A string of physicians and HIV patients, speaking on the drug's behalf, emphasized that the drug would be an important option for patients who fail with other therapies. Many of these patients and physicians were paid by the drug's manufacturer, Gilead Sciences, to attend the committee meeting.

In a lopsided 13-1 vote, the FDA's Antiviral Drugs Advisory Committee today moved not to recommend approval of ADV, which is a reverse transcriptase inhibitor similar to AZT (zidovudine). The company had sought to market the drug for patients who had failed other treatments for HIV.

Although the drug has shown promise, the firm had limited data for its proposed dosage. Moreover, the agent has shown troublesome kidney toxicity.

In one trial of more than 400 patients, ADV demonstrated a significant reduction in the HIV virus that lasted through 48 weeks of treatment. But the trial showed no effect on CD-4 cell count, a marker of severity of the disease, and several other trials failed to demonstrate positive results -- or lacked sufficient power for FDA to evaluate.

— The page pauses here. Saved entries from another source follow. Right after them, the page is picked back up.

(* For $z\in\{z\in\mathbb{C}:|\arg(z)|<\pi\}$, \[ {}_2F_2\left(\begin{matrix}1,&1\\3,&z+2\end{matrix};z\right)=\frac{2(z+1)}{z^2}\left(1+z-\frac{\gamma(z,z)}{z^{z-1}e^{-z}}\right). \] In particular, for every positive integer $n$, \[ {}_2F_2\left(\begin{matrix}1,&1\\3,&n+2\end{matrix};n\right)=\frac{2(n+1)}{n^2}\left(1+n-\frac{(n-1)!}{n^{n-1}}\left(e^n-\sum_{k=0}^{n-1}\frac{n^k}{k!}\right)\right). \]
   Context: ${}_pF_q$ denotes the generalized hypergeometric series $\sum_{k\ge0}\frac{(a_1)_k\cdots(a_p)_k}{(b_1)_k\cdots(b_q)_k}\frac{x^k}{k!}$, with $(a)_k$ the Pochhammer symbol. $\gamma(s,x)=\int_0^x t^{s-1}e^{-t}\,dt$ is the lower incomplete gamma function; $z^{z-1}$ uses the principal branch. *)

From Stdlib Require Import Reals.
From Coquelicot Require Import Coquelicot.
Open Scope R_scope.

Definition Cexp (z : C) : C :=
  (exp (Re z) * cos (Im z), exp (Re z) * sin (Im z)).

(* |arg z| < pi  <->  z lies off the closed half-line (-oo, 0] *)
Definition in_slit_plane (z : C) : Prop := ~ (Im z = 0 /\ Re z <= 0).

(* principal argument, valid (values in (-pi,pi)) on the slit plane:
   arg z = 2 atan (Im z / (|z| + Re z)) since tan(theta/2) = sin/(1+cos). *)
Definition Carg (z : C) : R := 2 * atan (Im z / (Cmod z + Re z)).

Definition CLog (z : C) : C := (ln (Cmod z), Carg z).
Definition Cpowc (a b : C) : C := Cexp (b * CLog a)%C.

Fixpoint Cpown (x : C) (k : nat) : C :=
  match k with O => 1%C | S k' => (x * Cpown x k')%C end.

Fixpoint poch (a : C) (k : nat) : C :=
  match k with O => 1%C | S k' => (poch a k' * (a + RtoC (INR k')))%C end.

Definition F22_term (a1 a2 b1 b2 x : C) (k : nat) : C :=
  (poch a1 k * poch a2 k / (poch b1 k * poch b2 k)
     * Cpown x k / RtoC (INR (Factorial.fact k)))%C.

(* Lower incomplete gamma, series form (DLMF 8.7.1):
   gamma(s,x) = x^s * sum_k (-x)^k / (k! (s+k)).
   For Re s > 0 this equals int_0^x t^(s-1) e^(-t) dt; it is the
   analytic continuation of that integral in s. *)
Definition lgamma_series_term (s x : C) (k : nat) : C :=
  (Cpown (- x) k / (RtoC (INR (Factorial.fact k)) * (s + RtoC (INR k))))%C.

Definition is_lower_gamma (s x g : C) : Prop :=
  exists S : C, is_series (lgamma_series_term s x) S /\ g = (Cpowc x s * S)%C.

Fixpoint rpoch (a : R) (k : nat) : R :=
  match k with O => 1 | S k' => rpoch a k' * (a + INR k') end.
Definition F22_term_R (a1 a2 b1 b2 x : R) (k : nat) : R :=
  rpoch a1 k * rpoch a2 k / (rpoch b1 k * rpoch b2 k) * x ^ k / INR (Factorial.fact k).

(* Put T(s, x) = sum_k x^k / (s)_(k+1) (the terms are [lgamma_poch_term s x]).  The
   partial-fraction identity sum_(k <= n) C(n,k) (-1)^k / (s + k) = n! / (s)_(n+1) says that the
   Cauchy product of the series x^-s gamma(s, x) = sum_k (-x)^k / (k! (s + k)) with the
   exponential series is the series of T(s, x); hence gamma(z, z) = z^z e^-z T(z, z), and the
   quotient in the theorem is z T(z, z).
   With t_k = z^k / (z)_(k+1) and w_k = 2 z^k / ((k + 1) (z + 2)_k) (= [F22_tail z k]), the k-th
   term of the 2F2 series is w_k - w_(k+1) - (2 (z + 1) / z) t_(k+2).  As
   w_k = 2 (z + 1) t_(k+1) / (k + 1) tends to 0, the sum is w_0 - (2 (z + 1) / z) (T - t_0 - t_1),
   which is the closed form.  For z = n a positive integer, (n)_(m+1) = (n + m)! / (n - 1)!, so
   T(n, n) is a rescaled tail of the exponential series. *)

From Stdlib Require Import Reals Lra Lia.
From Coquelicot Require Import Coquelicot.
Open Scope R_scope.

(** * Complex series through real and imaginary parts *)

Lemma filterlim_C_iff (f : nat -> C) (l : C) :
  filterlim f eventually (locally l) <->
  filterlim (fun n => Re (f n)) eventually (locally (Re l)) /\
  filterlim (fun n => Im (f n)) eventually (locally (Im l)).
Proof.
rewrite !filterlim_locally. split.
- intros H. split; intros eps; generalize (H eps); apply filter_imp; now intros n [].
- intros [H1 H2] eps. generalize (filter_and _ _ (H1 eps) (H2 eps)).
  apply filter_imp. intros n [B1 B2]. now split.
Qed.

Lemma sum_n_Re (a : nat -> C) n : Re (sum_n a n) = sum_n (fun k => Re (a k)) n.
Proof. induction n; [now rewrite !sum_O|]. rewrite !sum_Sn. simpl. now rewrite <- IHn. Qed.

Lemma sum_n_Im (a : nat -> C) n : Im (sum_n a n) = sum_n (fun k => Im (a k)) n.
Proof. induction n; [now rewrite !sum_O|]. rewrite !sum_Sn. simpl. now rewrite <- IHn. Qed.

Lemma is_series_C_iff (a : nat -> C) (l : C) :
  is_series a l <->
  is_series (fun n => Re (a n)) (Re l) /\ is_series (fun n => Im (a n)) (Im l).
Proof.
unfold is_series. rewrite filterlim_C_iff.
split; intros [H1 H2]; split; eapply filterlim_ext; try eassumption;
  intros n; cbv beta; now rewrite ?sum_n_Re, ?sum_n_Im.
Qed.

Lemma is_series_0_R : is_series (fun _ : nat => 0) 0.
Proof.
unfold is_series. apply (filterlim_ext (fun _ => 0)); [|apply filterlim_const].
intros n. rewrite sum_n_const. ring.
Qed.

Lemma is_series_RtoC (f : nat -> R) (l : R) :
  is_series f l -> is_series (fun n => RtoC (f n)) (RtoC l).
Proof. intros H. apply is_series_C_iff. split; [exact H | exact is_series_0_R]. Qed.

Lemma is_series_telescoping_R (w : nat -> R) :
  is_lim_seq w 0 -> is_series (fun k => w k - w (S k)) (w O).
Proof.
intros Hw. unfold is_series.
apply (filterlim_ext (fun n => w O - w (S n))).
- intros n. rewrite sum_n_Reals. induction n; simpl; [reflexivity|].
  rewrite <- IHn. ring.
- assert (L : is_lim_seq (fun n => w O - w (S n)) (w O - 0)).
  { apply is_lim_seq_minus'; [apply is_lim_seq_const | now apply (is_lim_seq_incr_1 w)]. }
  now rewrite Rminus_0_r in L.
Qed.

Lemma is_series_telescoping (w : nat -> C) :
  filterlim w eventually (locally (RtoC 0)) -> is_series (fun k => w k - w (S k))%C (w O).
Proof.
rewrite filterlim_C_iff. intros [HR HI]. apply is_series_C_iff.
split; apply is_series_telescoping_R; assumption.
Qed.

Lemma is_series_C_terms_Cmod_0 (a : nat -> C) (l : C) :
  is_series a l -> is_lim_seq (fun n => Cmod (a n)) 0.
Proof.
intros H.
assert (Ha : filterlim a eventually (locally (RtoC 0))).
{ apply is_series_C_iff in H as [HR HI]. apply filterlim_C_iff. split;
  [exact (ex_series_lim_0 _ (ex_intro _ _ HR)) | exact (ex_series_lim_0 _ (ex_intro _ _ HI))]. }
rewrite <- Cmod_0.
exact (filterlim_comp _ _ _ _ _ _ _ _ Ha
  (filterlim_norm (K := C_AbsRing) (V := C_NormedModule) (RtoC 0))).
Qed.

(* Restatements at types C and R of generic Coquelicot lemmas: [ring] and [field] do not
   recognise equalities stated at the carrier of a Coquelicot structure. *)
Lemma sum_n_C_Sn (a : nat -> C) n : (sum_n a (S n) : C) = (sum_n a n + a (S n))%C.
Proof. now rewrite sum_Sn. Qed.

Lemma sum_n_C_mult_l (c : C) (a : nat -> C) n :
  (sum_n (fun k => c * a k)%C n : C) = (c * sum_n a n)%C.
Proof. apply (sum_n_mult_l (K := C_Ring)). Qed.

According to panel member, Wafaa Ed-Sadr, MD, "I don't think we're there yet."

Although the ADV studies that the company initially conducted focused on a 120 mg daily dose, liver toxicity concerns prompted Gilead to halve the proposed dose. One trial then compared the 60 mg and 120 mg doses, which were administered to patients as part of varying combination therapy. Results suggested similar outcomes, but the study lacked long-term measures of the lower doses' effectiveness and safety.

Members of the committee said they were concerned that the other medications that patients took in that trial were actually responsible for the observed effectiveness.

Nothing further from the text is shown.